Gomme sgonfie, ma l’allarme non scatta – La società spagnola Idiada ha testato per T&E l’efficacia dei sistemi di monitoraggio e allerta prima di tutto con una sola ruota sgonfia. Sia la Golf che la 500L sono state prima guidate in accordo con il protocollo dell’iter autorizzativo, e dopo senza seguire strettamente le regole del test ufficiale. Se nel primo caso per entrambe le auto l’allarme per la ruota sgonfia “si è attivato entro il limite di 10 minuti previsto dalla legge”, nel secondo il sistema Tpms “non ha dato nessun messaggio né nella Volkswagen né nella Fiat, mostrando un chiaro fallimento nel rispetto degli standard di sicurezza su strada”. Idiada ha poi provato le due auto con tutte e quattro gli pneumatici sgonfi e in sei diverse situazioni reali di guida, per esempio su un percorso di 20 minuti a bassa velocità in un’area urbana e poi in autostrada a 100 km/h o in un tracciato su strade extraurbane e a scorrimento veloce, a diverse velocità. Ha anche testato l’efficacia del sistema Tpms con pneumatici sotto la pressione ottimale e con alle spalle 400 e 800 km.
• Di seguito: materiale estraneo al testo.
(* Consider the Filtered Greedy Strategy (\texttt{FGS}), which maintains a current set $\mathcal B_1$ of atomic mini-batches and iteratively removes mini-batches from it. If a file $f$ satisfies the inequality $$n(f)\Bigl(l(f)+\sum_{b\in\mathcal B_1,\ l(b)<l(f)}s(b)\Bigr) < s(f)\Bigl(\sum_{f'\in\mathcal F,\ l(f')<l(f)}n(f')+\sum_{f'\in\mathcal F\setminus\mathcal F(\mathcal B_1),\ l(f')>l(f)}n(f')\Bigr)$$ (evaluated with the current set $\mathcal B_1$) in the $i$-th iteration of \texttt{FGS}, then $f$ also satisfies this inequality (evaluated with the then-current $\mathcal B_1$) in the $j$-th iteration for every $j\ge i$.
   Context: A single-track tape stores a sequence of files $\mathcal F=(f_1,\dots,f_n)$ laid out contiguously from left to right: file $f$ occupies blocks $l(f),\dots,r(f)$ and has size $s(f)=r(f)-l(f)+1$, with $l(f_1)=1$, $l(f_{i+1})=r(f_i)+1$. $\mathcal R$ is a finite set of read requests, each associated with a file; $n(f)$ is the number of requests for $f$. A mini-batch is a pair $b=(f,f')$ of files with $l(f)\le l(f')$; $l(b)=l(f)$, $r(b)=r(f')$, $s(b)=r(b)-l(b)+1$, $\mathcal F(b)$ is the set of files $g$ with $l(b)\le l(g)$, $r(g)\le r(b)$, atomic if $|\mathcal F(b)|=1$, and $\mathcal F(\mathcal B_1)=\bigcup_{b\in\mathcal B_1}\mathcal F(b)$. \texttt{FGS} starts with $\mathcal B_1=\{(f,f): f\in\mathcal F\setminus\{f_1\},\ n(f)>0\}$ (the output of the Greedy Strategy) and then, for $|\mathcal F|$ rounds, inspects each file $f\in\mathcal F(\mathcal B_1)$ and removes $(f,f)$ from $\mathcal B_1$ whenever the displayed inequality holds for the current $\mathcal B_1$; each inspection is an iteration. *)

From mathcomp Require Import all_boot.
Set Implicit Arguments. Unset Strict Implicit. Unset Printing Implicit Defensive.

Section FGS.
(* Files f_1..f_n are the ordinals 'I_n (f_1 is ord 0), laid out left to right;
   sz f = s(f) (in blocks), nreq f = n(f) = number of requests for f. *)
Variables (n : nat) (sz : 'I_n -> nat) (nreq : 'I_n -> nat).

(* l(f_1) = 1, l(f_{i+1}) = r(f_i) + 1 = l(f_i) + s(f_i). *)
Definition lpos (f : 'I_n) : nat := 1 + \sum_(k < n | k < f) sz k.

(* A set B1 of atomic mini-batches (f,f) is represented by the set of files f;
   for atomic b = (f,f), l(b) = l(f), s(b) = s(f), and F(B1) = B1. *)
Definition fgs_ineq (B1 : {set 'I_n}) (f : 'I_n) : bool :=
  nreq f * (lpos f + \sum_(b in B1 | lpos b < lpos f) sz b)
  < sz f * (\sum_(g : 'I_n | lpos g < lpos f) nreq g
            + \sum_(g in ~: B1 | lpos f < lpos g) nreq g).

(* Initial set: output of the Greedy Strategy. *)
Definition fgs_init : {set 'I_n} :=
  [set f : 'I_n | (val f != 0) && (0 < nreq f)].

Definition fgs_step (f : 'I_n) (B1 : {set 'I_n}) : {set 'I_n} :=
  if fgs_ineq B1 f then B1 :\ f else B1.

(* Inspect the files of fs in order; returns the list of the sets B1 current
   at each inspection (i.e. when the inequality is evaluated), and the final set. *)
Fixpoint fgs_round (fs : seq 'I_n) (B1 : {set 'I_n})
  : seq {set 'I_n} * {set 'I_n} :=
  match fs with
  | [::] => ([::], B1)
  | f :: fs' => let: (st, B') := fgs_round fs' (fgs_step f B1) in (B1 :: st, B')
  end.

(* k rounds; each round inspects every file of F(B1), left to right. *)
Fixpoint fgs_run (k : nat) (B1 : {set 'I_n}) : seq {set 'I_n} :=
  match k with
  | 0 => [::]
  | k'.+1 => let: (st, B') := fgs_round (enum B1) B1 in st ++ fgs_run k' B'
  end.

(* The sequence of sets B1 current at iterations 0,1,2,... of FGS (|F| = n rounds). *)
Definition fgs_trace : seq {set 'I_n} := fgs_run n fgs_init.

End FGS.

From mathcomp Require Import all_boot.

Set Implicit Arguments.
Unset Strict Implicit.

(* FGS only ever removes files from B1, so the sets current at successive
   iterations form a decreasing chain; and the inequality is antimonotone in B1,
   since shrinking B1 shrinks the left-hand sum and enlarges the complement
   summed on the right. *)

Lemma leq_sum_subset (T : finType) (A B : {set T}) (P : pred T) (F : T -> nat) :
  A \subset B -> \sum_(x in A | P x) F x <= \sum_(x in B | P x) F x.
Proof.
move=> sAB; apply: (sub_le_big leqnn (fun x y => leq_addr y x)).
by move=> x /andP[/(subsetP sAB) -> ->].
Qed.

Definition superset (T : finType) : rel {set T} := fun A B => B \subset A.

Lemma superset_refl (T : finType) : reflexive (@superset T).
Proof. exact: subxx. Qed.

Lemma superset_trans (T : finType) : transitive (@superset T).
Proof. by move=> B A C sBA sCB; apply: subset_trans sCB sBA. Qed.

Lemma path_superset_weaken (T : finType) (A A' : {set T}) (s : seq {set T}) :
  A' \subset A -> path (@superset T) A' s -> path (@superset T) A s.
Proof.
by case: s => //= B s sA'A /andP[sBA' ->]; rewrite andbT; apply: subset_trans sA'A.
Qed.

Section FGSChain.
Variables (n : nat) (sz nreq : 'I_n -> nat).

Local Notation superset := (@superset 'I_n).

Lemma fgs_ineq_antimono (B B' : {set 'I_n}) (f : 'I_n) :
  B' \subset B -> fgs_ineq sz nreq B f -> fgs_ineq sz nreq B' f.
Proof.
rewrite /fgs_ineq => sB'B lt_B; apply: leq_ltn_trans (leq_trans lt_B _).
  by rewrite leq_mul2l leq_add2l leq_sum_subset ?orbT.
by rewrite leq_mul2l leq_add2l leq_sum_subset ?orbT ?setCS.
Qed.

Lemma fgs_step_subset (f : 'I_n) (B : {set 'I_n}) : fgs_step sz nreq f B \subset B.
Proof. by rewrite /fgs_step; case: ifP => _; rewrite ?subD1set. Qed.

Lemma fgs_round_path (fs : seq 'I_n) (B : {set 'I_n}) :
  let: (st, B') := fgs_round sz nreq fs B in path superset B (rcons st B').
Proof.
elim: fs B => [|f fs IH] B /=; first by rewrite superset_refl.
have := IH (fgs_step sz nreq f B); case: fgs_round => st B' /= path_st.
by rewrite superset_refl (path_superset_weaken (fgs_step_subset f B) path_st).
Qed.

Lemma fgs_run_path (k : nat) (B : {set 'I_n}) :
  path superset B (fgs_run sz nreq k B).
Proof.
elim: k B => [|k IH] B //=.
have := fgs_round_path (enum B) B; case: fgs_round => st B'.
by rewrite rcons_path cat_path => /andP[-> sB']; rewrite (path_superset_weaken sB' (IH B')).
Qed.

End FGSChain.

Theorem lemma1 (n : nat) (sz nreq : 'I_n -> nat) (hsz : forall f, 0 < sz f)
  (f : 'I_n) (i j : nat) :
  i <= j -> j < size (fgs_trace sz nreq) ->
  fgs_ineq sz nreq (nth set0 (fgs_trace sz nreq) i) f ->
  fgs_ineq sz nreq (nth set0 (fgs_trace sz nreq) j) f.
Proof.
move=> le_ij lt_j; apply: fgs_ineq_antimono.
have sorted_trace := path_sorted (fgs_run_path sz nreq n (fgs_init nreq)).
exact: (sorted_leq_nth (@superset_trans _) (@superset_refl _) set0 sorted_trace)
  (leq_ltn_trans le_ij lt_j) lt_j le_ij.
Qed.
Anche qui, “il sistema Tpms indiretto sia sulla Golf sia sulla 500 L non ha dato un allarme tempestivo di ruote sgonfie in almeno 5 dei 6 prove effettuate da Idiada in cui le condizioni divergevano leggermente dal test ufficiale”. Non hanno dato risultati positivi neanche le prove sul meccanismo di auto-diagnosi dei Tpms di Golf e 500L, che dovrebbero avvisare l’automobilista quando il sistema non è più in grado di funzionare. Di nuovo, nessun avviso entro il limite normativo dei 10 minuti. Un fatto “particolarmente preoccupante, perché significa che il guidatore si sente sicuro e non è consapevole che il suo sistema ha dei problemi e non lo avviserà in caso di livelli di pressione delle gomme critici”. I sistemi passano i test, ma poi non fanno il loro lavoro, e questo “è inaccettabile, perché una pressione inferiore agli 1,5 bar è critica per la sicurezza, con la gomma che può iniziare a staccarsi dal cerchio durante la frenata, per esempio”.

Il sospetto dell’associazione – Il sospetto di T&E è che le case automobilistiche stiano cercando di risparmiare sui sistemi per monitorare le gomme mettendo a rischio la sicurezza. I risultati dei test, si legge nel dossier di T&E, “suggeriscono che ci sia un’ottimizzazione dei sistemi indiretti, calibrati per passare i test autorizzativi ma non funzionanti quando usati su strada”. Tra gli obiettivi ipotizzati dall’associazione, anche “il desiderio dei produttori di evitare molti falsi allarmi che i sistemi Tpms indiretti altrimenti genererebbero, confondendo il guidatore e minando l’obiettivo del dispositivo. Per questo, le case automobilistiche potrebbero aver deciso di rendere il sistema attivo solo nelle strette condizioni dei test regolatori”. Delle performance non proprio perfette dei Tpms indiretti si era già accorta l’organizzazione di ricerca olandese Tno8 e l’Unece. L’organizzazione Onu, che ha fissato gli standard di sicurezza per le auto, di recente ha chiarito che i Tpms dovrebbero funzionare “in un’ampia gamma di strade e condizioni ambientali”. Ora la palla passa alla Commissione europea, che sta per iniziare la revisione della normativa sulla sicurezza dei veicoli.